__Problem requirements__
Retype the entries below exactly, but begin at the line containing "(u : W) : Prop" and end at the last line.

(Collected data entries)
(* Let $\mathbf{x}$ be a feasible solution of $\textsc{Dir-MC-Rel}$ and let $\theta$ be chosen uniformly at random from $(0,1)$. Then for every edge $e\in E$, $\Pr[e\in C(\theta)]\le 2x_e$.
   Context: $G=(V,E)$ is a directed graph with non-negative edge weights $w_e$ and distinct terminals $s_1,\dots,s_k$, $k\ge2$. For $i\neq j$, $\mathcal{P}_{ij}$ is the set of directed paths from $s_i$ to $s_j$ in $G$. $\textsc{Dir-MC-Rel}$: minimize $\sum_e w_e x_e$ s.t. $\sum_{e\in p}x_e\ge1$ for all $p\in\mathcal{P}_{ij}$, $i\ne j$, and $x\ge0$. Given feasible $\mathbf{x}$, form $G^+$ by adding new vertices $t_1,\dots,t_k$ and new edges $(t_i,s_j)$ for all $i\neq j$, each with $x$-value $0$. For vertices $u,v$ of $G^+$, $d(u,v)$ is the length of a shortest directed path from $u$ to $v$ in $G^+$ with edge lengths $\mathbf{x}$ ($+\infty$ if none). $B(v,r)=\{u: d(v,u)\le r\}$. For a vertex set $A$, $\delta^+(A)$ is the set of edges of $G^+$ with tail in $A$ and head not in $A$. For $\theta\in(0,1)$, $C(\theta)=\bigcup_{i=1}^k\delta^+(B(t_i,\theta))$. *)

(* real numbers, Riemann integral for the probability over uniform theta. *)
From Stdlib Require Import Reals List Classical ClassicalEpsilon.
Open Scope R_scope.

Fixpoint is_walk {W F : Type} (tl hd : F -> W) (a b : W) (p : list F) : Prop :=
  match p with
  | nil => a = b
  | e :: p' => tl e = a /\ is_walk tl hd (hd e) b p'
  end.

Definition is_path {W F : Type} (tl hd : F -> W) (a b : W) (p : list F) : Prop :=
  is_walk tl hd a b p /\ NoDup (a :: map hd p).

Definition plen {F : Type} (l : F -> R) (p : list F) : R :=
  fold_right (fun e acc => l e + acc) 0 p.

Definition is_dist {W F : Type} (tl hd : F -> W) (l : F -> R) (a b : W) (m : R) : Prop :=
  (exists p, is_path tl hd a b p /\ plen l p = m) /\
  (forall p, is_path tl hd a b p -> m <= plen l p).

(* u in B(a, r), i.e. d(a,u) <= r  (d = +infinity when no path exists) *)
Definition in_ball {W F : Type} (tl hd : F -> W) (l : F -> R) (a : W) (r : R) (u : W) : Prop :=
  exists m, is_dist tl hd l a u m /\ m <= r.

Definition feasible {V E : Type} (tail head : E -> V) (k : nat) (s : nat -> V)
  (x : E -> R) : Prop :=
  (forall e, 0 <= x e) /\
  (forall i j, (i < k)%nat -> (j < k)%nat -> i <> j ->
     forall p, is_path tail head (s i) (s j) p -> 1 <= plen x p).

Definition term (k : nat) := { i : nat | (i < k)%nat }.

(* vertices of G+: V plus new vertices t_0..t_{k-1} *)
Definition Vplus (V : Type) (k : nat) := (V + term k)%type.

(* new edges (t_i, s_j), i <> j *)
Definition newedge (k : nat) :=
  { ij : nat * nat | (fst ij < k)%nat /\ (snd ij < k)%nat /\ fst ij <> snd ij }.

Definition Eplus (E : Type) (k : nat) := (E + newedge k)%type.

Definition tailp {V E : Type} (tail : E -> V) (k : nat) (f : Eplus E k) : Vplus V k :=
  match f with
  | inl e => inl (tail e)
  | inr ij => inr (exist _ (fst (proj1_sig ij)) (proj1 (proj2_sig ij)))
  end.

Definition headp {V E : Type} (head : E -> V) (k : nat) (s : nat -> V)
  (f : Eplus E k) : Vplus V k :=
  match f with
  | inl e => inl (head e)
  | inr ij => inl (s (snd (proj1_sig ij)))
  end.

Definition xplus {E : Type} (k : nat) (x : E -> R) (f : Eplus E k) : R :=
  match f with
  | inl e => x e
  | inr _ => 0
  end.

Definition ballp {V E : Type} (tail head : E -> V) (k : nat) (s : nat -> V) (x : E -> R)
  (a : Vplus V k) (r : R) (u : Vplus V k) : Prop :=
  in_ball (tailp tail k) (headp head k s) (xplus k x) a r u.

__Your solution__
Definition in_ball {W F : Type} (tl hd : F -> W) (l : F -> R) (a : W) (r : R) (u : W) : Prop :=
  exists m, is_dist tl hd l a u m /\ m <= r.

Definition feasible {V E : Type} (tail head : E -> V) (k : nat) (s : nat -> V)
  (x : E -> R) : Prop :=
  (forall e, 0 <= x e) /\
  (forall i j, (i < k)%nat -> (j < k)%nat -> i <> j ->
     forall p, is_path tail head (s i) (s j) p -> 1 <= plen x p).

Definition term (k : nat) := { i : nat | (i < k)%nat }.

(* vertices of G+: V plus new vertices t_0..t_{k-1} *)
Definition Vplus (V : Type) (k : nat) := (V + term k)%type.

(* new edges (t_i, s_j), i <> j *)
Definition newedge (k : nat) :=
  { ij : nat * nat | (fst ij < k)%nat /\ (snd ij < k)%nat /\ fst ij <> snd ij }.

Definition Eplus (E : Type) (k : nat) := (E + newedge k)%type.

Definition tailp {V E : Type} (tail : E -> V) (k : nat) (f : Eplus E k) : Vplus V k :=
  match f with
  | inl e => inl (tail e)
  | inr ij => inr (exist _ (fst (proj1_sig ij)) (proj1 (proj2_sig ij)))
  end.

Definition headp {V E : Type} (head : E -> V) (k : nat) (s : nat -> V)
  (f : Eplus E k) : Vplus V k :=
  match f with
  | inl e => inl (head e)
  | inr ij => inl (s (snd (proj1_sig ij)))
  end.

Definition xplus {E : Type} (k : nat) (x : E -> R) (f : Eplus E k) : R :=
  match f with
  | inl e => x e
  | inr _ => 0
  end.

Definition ballp {V E : Type} (tail head : E -> V) (k : nat) (s : nat -> V) (x : E -> R)
  (a : Vplus V k) (r : R) (u : Vplus V k) : Prop :=
  in_ball (tailp tail k) (headp head k s) (xplus k x) a r u.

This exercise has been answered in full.